Place these source files under $GOPATH/src/ccallbacks/. Compile and run with:
$ gcc -c clibrary.c
$ ar cru libclibrary.a clibrary.o
$ go build
$ ./ccallbacks
Go.main(): calling C function with callback to us
C.some_c_func(): calling callback with arg = 2
C.callOnMeGo_cgo(): called with arg = 2
Go.callOnMeGo(): called with arg = 2
C.some_c_func(): callback responded with 3
goprog.go
package main
/*
#cgo CFLAGS: -I .
#cgo LDFLAGS: -L . -lclibrary
#include "clibrary.h"
int callOnMeGo_cgo(int in); // Forward declaration.
*/
import "C"
import (
"fmt"
"unsafe"
)
//export callOnMeGo
func callOnMeGo(in int) int {
fmt.Printf("Go.callOnMeGo(): called with arg = %d\n", in)
return in + 1
}
func main() {
fmt.Printf("Go.main(): calling C function with callback to us\n")
C.some_c_func((C.callback_fcn)(unsafe.Pointer(C.callOnMeGo_cgo)))
}
cfuncs.go
package main
/*
#include <stdio.h>
// The gateway function
int callOnMeGo_cgo(int in)
{
printf("C.callOnMeGo_cgo(): called with arg = %d\n", in);
return callOnMeGo(in);
}
*/
import "C"
clibrary.h
#ifndef CLIBRARY_H
#define CLIBRARY_H
typedef int (*callback_fcn)(int);
void some_c_func(callback_fcn);
#endif
clibrary.c
#include <stdio.h>
#include "clibrary.h"
void some_c_func(callback_fcn callback)
{
int arg = 2;
printf("C.some_c_func(): calling callback with arg = %d\n", arg);
int response = callback(2);
printf("C.some_c_func(): callback responded with %d\n", response);
}
Go strings and C strings are different. Go strings are the combination of a length and a pointer to the first character in the string. C strings are just the pointer to the first character, and are terminated by the first instance of the null character, '\0'
.
Go provides means to go from one to another in the form of the following three functions:
func C.CString(goString string) *C.char
func C.GoString(cString *C.char) string
func C.GoStringN(cString *C.char, length C.int) string
One important thing to remember is that C.CString()

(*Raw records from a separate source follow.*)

Theorem proposition3p4 (D : nat -> bool) :
  low_for_embeddings D <-> low_for_biembeddings D.
Proof.
  split.
  - intros Hlow A B HA HB [HAB HBA]. split; now apply Hlow.
  - intros Hlow A B HA HB [f [Hfc Hf]].
    destruct (classic (exists a, sdom A a = true)) as [[a0 Ha0] | Hempty].
    + pose proof (embedding_compatible _ _ _ Hf) as Hcompat.
      assert (Hb0 : sdom B (f a0) = true) by now apply Hf.
      assert (HS : computable_structure (copies 1 A B a0 (f a0)))
        by (apply copies_computable; auto; apply Hcompat).
      assert (HX : computable_structure (copies 0 A B a0 (f a0)))
        by (apply copies_computable; auto; apply Hcompat).
      destruct (Hlow _ _ HS HX) as [[h [Hhc Hh]] _].
      { split; eexists; split.
        - apply copies_fold_computable with (n := 1). exact Hfc.
        - now apply copies_fold.
        - apply copies_shift_computable with (n := 1).
        - now apply copies_shift. }
      exists (fun a => csnd (h (cpair 0 a))). split.
      * now apply component_computable.
      * eapply copies_component with (n := 1); eauto.
    + exists (fun _ => 0). split.
      * exists RZero. intros x. apply ev_zero.
      * eapply embedding_from_empty; eassumption.
Qed.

will allocate a new string of the appropriate length, and return it. That means the C string is not going to be garbage collected and it is up to you to free it. A standard way to do this follows.
// #include <stdlib.h>
import "C"
import "unsafe"
...
var cmsg *C.char = C.CString("hi")
defer C.free(unsafe.Pointer(cmsg))
// do something with the C string
Of course, you aren't required to use defer
to call C.free()
. You can free the C string whenever you like, but it is your responsibility to make sure it happens.

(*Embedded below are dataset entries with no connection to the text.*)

Definition strongly_convex {R : realType} {n : nat} (mu : R) (f : 'rV[R]_n -> R) : Prop :=
  forall x y (l : R), 0 <= l <= 1 ->
    f (l *: x + (1 - l) *: y) <=
      l * f x + (1 - l) * f y - mu / 2 * l * (1 - l) * sqnorm (x - y).

Definition is_projection {R : realType} {n : nat}
  (X : set 'rV[R]_n) (p : 'rV[R]_n -> 'rV[R]_n) : Prop :=
  forall y, X (p y) /\ forall z, X z -> enorm (y - p y) <= enorm (y - z).

Definition mean_vec {R : realType} {n : nat} {d} {T : measurableType d}
  (P : probability T R) (g : T -> 'rV[R]_n) : 'rV[R]_n :=
  \row_(i < n) fine (\int[P]_w ((g w ord0 i)%:E)).

(** Since [xs] minimizes [f] over the convex set [X], the projection moves no
  point farther from [xs] than the unprojected gradient step taken at [xs]:
  [|P y - xs| <= |y - (xs - eta gf xs)|].  For [y = x - eta g] the right-hand
  side is [|c - eta (g - E g)|] with [c = x - xs - eta (E g - gf xs)]; in
  expectation the cross term vanishes and the last term gives [eta^2 D].
  Writing [E g - gf xs = (gf x - gf xs) + (E g - gf x)], Young's inequality
  separates the bias, bounded by [C], from the exact gradient step, which
  contracts by [(2L + mu) / (2(mu + L))] thanks to the co-coercivity of the
  gradient of a strongly convex smooth function. *)

From HB Require Import structures.
From mathcomp Require Import all_boot all_order all_algebra.
From mathcomp Require Import all_classical all_reals all_analysis.
From mathcomp Require Import ring lra.
Import Order.TTheory GRing.Theory Num.Theory.
Import numFieldNormedType.Exports.
Local Open Scope classical_set_scope.
Local Open Scope ring_scope.

Lemma ler_of_forall_le_addM {R : realFieldType} (a b c : R) : 0 <= c ->
  (forall t, 0 < t <= 1 -> a <= b + t * c) -> a <= b.
Proof.
move=> c0 h; apply/ler_addgt0Pr => e e0.
have c1 : 0 < c + 1 by rewrite ltr_wpDl.
pose t := Order.min 1 (e / (c + 1)).
have t0 : 0 < t by rewrite lt_min ltr01 divr_gt0.
apply: le_trans (h t _) _; first by rewrite t0 ge_min lexx.
rewrite lerD2l; apply: le_trans (_ : e / (c + 1) * c <= e).
  by rewrite ler_wpM2r // ge_min lexx orbT.
by rewrite mulrAC ler_pdivrMr // ler_pM2l // lerDl.
Qed.

Section InnerProduct.
Context {R : realType} {n : nat}.
Implicit Types u v w : 'rV[R]_n.

Lemma dotvC u v : dotv u v = dotv v u.
Proof. by apply: eq_bigr => i _; rewrite mulrC. Qed.

Lemma dotvDl u w v : dotv (u + w) v = dotv u v + dotv w v.
Proof. by rewrite /dotv -big_split; apply: eq_bigr => i _; rewrite mxE mulrDl. Qed.

Lemma dotvZl (k : R) u v : dotv (k *: u) v = k * dotv u v.
Proof. by rewrite /dotv mulr_sumr; apply: eq_bigr => i _; rewrite mxE mulrA. Qed.

Lemma dotvNl u v : dotv (- u) v = - dotv u v.
Proof. by rewrite -scaleN1r dotvZl mulN1r. Qed.

Lemma dotvBl u w v : dotv (u - w) v = dotv u v - dotv w v.
Proof. by rewrite dotvDl dotvNl. Qed.

Lemma dotvDr u v w : dotv u (v + w) = dotv u v + dotv u w.
Proof. by rewrite dotvC dotvDl !(dotvC u). Qed.

Lemma dotvZr (k : R) u v : dotv u (k *: v) = k * dotv u v.
Proof. by rewrite dotvC dotvZl dotvC. Qed.

Lemma dotvNr u v : dotv u (- v) = - dotv u v.
Proof. by rewrite dotvC dotvNl dotvC. Qed.

Lemma dotvBr u v w : dotv u (v - w) = dotv u v - dotv u w.
Proof. by rewrite dotvDr dotvNr. Qed.

Lemma sqnorm_ge0 u : 0 <= sqnorm u.
Proof. by apply: sumr_ge0 => i _; rewrite -expr2 sqr_ge0. Qed.

Lemma sqnormZ (k : R) u : sqnorm (k *: u) = k ^+ 2 * sqnorm u.
Proof. by rewrite /sqnorm dotvZl dotvZr mulrA expr2. Qed.

Lemma sqnormN u : sqnorm (- u) = sqnorm u.
Proof. by rewrite /sqnorm dotvNl dotvNr opprK. Qed.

C arrays are typically either null-terminated or have a length kept elsewhere.
Go provides the following function to make a new Go byte slice from a C array:
func C.GoBytes(cArray unsafe.Pointer, length C.int) []byte
To create a Go slice backed by a C array (without copying the original data), one needs to acquire this length at runtime and use a type conversion to a pointer to a very big array and then slice it to the length that you want (also remember to set the cap if you're using Go 1.2 or later), for example (see http://play.golang.org/p/XuC0xqtAIC for a runnable example):
import "C"
import "unsafe"
...
var theCArray *C.YourType = C.getTheArray()

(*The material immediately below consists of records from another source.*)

(* Let $\eta_1,\dots,\eta_n$ be admissible measures on $\mathbb R$; for each $i$ let $X_i$ have law $\cosh(x)\,\eta_i(dx)$ (a probability measure), and $U_i:=\tanh(X_i)$. Define $m_i:=\eta_i(\mathbb R)$, $\varepsilon_i:=1-m_i$, $\alpha:=\sum_{i=1}^n\varepsilon_i$, and $\nu:=\sum_{i=1}^n\mathbb E U_i^2$. Then $0\le m_i\le1$ for all $i$ and $\alpha\le\nu\le2\alpha$.
   Context: A finitely supported positive measure $\eta$ on $\mathbb R$ is called admissible if $\int e^x\,\eta(dx)=\int e^{-x}\,\eta(dx)=1$. *)

From HB Require Import structures.
From mathcomp Require Import all_boot all_order all_algebra.
From mathcomp Require Import all_classical all_reals.
From mathcomp Require Import sequences exp.
Set Implicit Arguments. Unset Strict Implicit. Unset Printing Implicit Defensive.
Import Order.TTheory GRing.Theory Num.Theory.
Local Open Scope ring_scope.

(* A finitely supported positive measure on R is represented by a finite list
   of atoms (x, w) : the measure is  \sum_(p <- eta) p.2 * delta_{p.1},
   with all weights p.2 >= 0. *)
Definition fsmeasure (R : realType) := seq (R * R).

Definition fs_pos (R : realType) (eta : fsmeasure R) : Prop :=
  forall p, p \in eta -> 0 <= p.2.

Definition fs_int (R : realType) (eta : fsmeasure R) (f : R -> R) : R :=
  \sum_(p <- eta) p.2 * f p.1.

Definition fs_mass (R : realType) (eta : fsmeasure R) : R :=
  fs_int eta (fun _ => 1).

Definition admissible (R : realType) (eta : fsmeasure R) : Prop :=
  fs_pos eta /\ fs_int eta (@expR R) = 1 /\ fs_int eta (fun x => expR (- x)) = 1.

Definition coshR (R : realType) (x : R) : R := (expR x + expR (- x)) / 2.
Definition sinhR (R : realType) (x : R) : R := (expR x - expR (- x)) / 2.
Definition tanhR (R : realType) (x : R) : R := sinhR x / coshR x.

(* expectation of g(X) where X has law cosh(x) eta(dx) *)
Definition law_expect (R : realType) (eta : fsmeasure R) (g : R -> R) : R :=
  fs_int eta (fun x => g x * coshR x).

From HB Require Import structures.
From mathcomp Require Import all_boot all_order all_algebra.
From mathcomp Require Import all_classical all_reals.
From mathcomp Require Import sequences exp.
From mathcomp Require Import ring lra.
Set Implicit Arguments. Unset Strict Implicit. Unset Printing Implicit Defensive.
Import Order.TTheory GRing.Theory Num.Theory.
Local Open Scope ring_scope.

(* Admissibility makes [cosh x eta(dx)] a probability measure,
   so [eps = 1 - m] is the integral of [cosh - 1] against [eta], while
   [E U^2] is that of [tanh^2 cosh = cosh - 1/cosh].  The theorem then follows
   by integrating the pointwise inequalities
   [cosh - 1 <= cosh - 1/cosh <= 2 (cosh - 1)], valid because [cosh >= 1]. *)

Section Hyperbolic.
Variable R : realType.
Implicit Types x : R.

Lemma coshR_gt0 x : 0 < coshR x.
Proof. by rewrite /coshR divr_gt0 // addr_gt0 // expR_gt0. Qed.

Lemma sqr_coshR_sub_sqr_sinhR x : coshR x ^+ 2 - sinhR x ^+ 2 = 1.
Proof.
rewrite /coshR /sinhR expRN; field.
by rewrite gt_eqF // expR_gt0.
Qed.

Lemma coshR_ge1 x : 1 <= coshR x.
Proof.
have := sqr_coshR_sub_sqr_sinhR x; have := coshR_gt0 x.
have := sqr_ge0 (sinhR x); nra.
Qed.

Lemma sqr_tanhR_mul_coshR x : tanhR x ^+ 2 * coshR x = coshR x - (coshR x)^-1.
Proof.
have c_neq0 : coshR x != 0 by rewrite gt_eqF // coshR_gt0.
have sinh2 : sinhR x ^+ 2 = coshR x ^+ 2 - 1.
  by rewrite -(sqr_coshR_sub_sqr_sinhR x); ring.
by rewrite /tanhR expr_div_n sinh2; field.
Qed.

Lemma coshR_sub1_le_sqr_tanhR_mul_coshR x :
  coshR x - 1 <= tanhR x ^+ 2 * coshR x.
Proof.
rewrite sqr_tanhR_mul_coshR lerD2l lerN2 invf_le1 ?coshR_gt0 //.
exact: coshR_ge1.
Qed.

(* [2 (c - 1) - (c - 1/c) = (c - 1)^2 / c]. *)
Lemma sqr_tanhR_mul_coshR_le x :
  tanhR x ^+ 2 * coshR x <= 2 * (coshR x - 1).
Proof.
rewrite sqr_tanhR_mul_coshR.
have c_gt0 := coshR_gt0 x; have c_ge1 := coshR_ge1 x.
have cV : coshR x * (coshR x)^-1 = 1 by rewrite mulfV // gt_eqF.
nra.
Qed.

End Hyperbolic.

Section FiniteMeasure.
Variable R : realType.
Implicit Types (eta : fsmeasure R) (f g : R -> R).

Lemma fs_intD eta f g :
  fs_int eta (fun x => f x + g x) = fs_int eta f + fs_int eta g.
Proof. by rewrite /fs_int -big_split; apply: eq_bigr => p _; rewrite mulrDr. Qed.

Lemma fs_intB eta f g :
  fs_int eta (fun x => f x - g x) = fs_int eta f - fs_int eta g.
Proof. by rewrite /fs_int -sumrB; apply: eq_bigr => p _; rewrite mulrBr. Qed.

Lemma fs_intZ eta (a : R) f : fs_int eta (fun x => a * f x) = a * fs_int eta f.
Proof. by rewrite /fs_int mulr_sumr; apply: eq_bigr => p _; rewrite mulrCA. Qed.

Lemma ler_fs_int eta f g : fs_pos eta -> (forall x, f x <= g x) ->
  fs_int eta f <= fs_int eta g.
Proof.
move=> eta_pos fg; rewrite /fs_int big_seq [leRHS]big_seq.
by apply: ler_sum => p /eta_pos w_ge0; rewrite ler_wpM2l.
Qed.

Lemma fs_mass_ge0 eta : fs_pos eta -> 0 <= fs_mass eta.
Proof.
move=> eta_pos; rewrite /fs_mass /fs_int big_seq sumr_ge0 // => p.
by move/eta_pos; rewrite mulr1.
Qed.

Lemma admissible_fs_int_coshR eta : admissible eta -> fs_int eta (@coshR R) = 1.
Proof.
move=> [_ [int_exp int_expN]].
have -> : @coshR R = fun x => 2^-1 * expR x + 2^-1 * expR (- x).
  by apply/funext => x; rewrite /coshR mulrDl !(mulrC _ 2^-1).
rewrite fs_intD !fs_intZ int_exp int_expN; lra.
Qed.

Lemma admissible_fs_mass_le1 eta : admissible eta -> fs_mass eta <= 1.
Proof.
move=> adm; rewrite -(admissible_fs_int_coshR adm).
by apply: ler_fs_int => [|x]; [case: adm | exact: coshR_ge1].
Qed.

Lemma admissible_one_sub_fs_mass eta : admissible eta ->
  1 - fs_mass eta = fs_int eta (fun x => coshR x - 1).
Proof. by move=> adm; rewrite fs_intB admissible_fs_int_coshR. Qed.

Lemma admissible_law_expect_sqr_tanhR eta : admissible eta ->
  1 - fs_mass eta <= law_expect eta (fun x => tanhR x ^+ 2) <=
  2 * (1 - fs_mass eta).
Proof.
move=> adm; have [eta_pos _] := adm.
rewrite admissible_one_sub_fs_mass // -fs_intZ.
apply/andP; split; apply: ler_fs_int => // x.
  exact: coshR_sub1_le_sqr_tanhR_mul_coshR.
exact: sqr_tanhR_mul_coshR_le.
Qed.

End FiniteMeasure.

Theorem lemma2 (R : realType) (n : nat) (eta : 'I_n -> fsmeasure R)
  (adm : forall i, admissible (eta i)) :
  let m := fun i => fs_mass (eta i) in
  let eps := fun i => 1 - m i in
  let alpha := \sum_(i < n) eps i in
  let nu := \sum_(i < n) law_expect (eta i) (fun x => tanhR x ^+ 2) in
  (forall i, 0 <= m i <= 1) /\ alpha <= nu <= 2 * alpha.
Proof.
move=> m eps alpha nu; split.
  move=> i; have [eta_pos _] := adm i.
  by rewrite fs_mass_ge0 // admissible_fs_mass_le1.
rewrite /alpha /nu mulr_sumr; apply/andP; split; apply: ler_sum => i _;
  by case/andP: (admissible_law_expect_sqr_tanhR (adm i)).
Qed.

length := C.getTheArrayLength()
slice := (*[1 << 30]C.YourType)(unsafe.Pointer(theCArray))[:length:length]
It is important to keep in mind that the Go garbage collector will not interact with this data, and that if it is freed from the C side of things, the behavior of any Go code using the slice is nondeterministic.
As Go doesn't support packed struct (e.g., structs where maximum alignment is 1 byte), you can't use packed C struct in Go. Even if you program passes compilation, it won't do what you want. To use it, you have to read/write the struct as byte array/slice.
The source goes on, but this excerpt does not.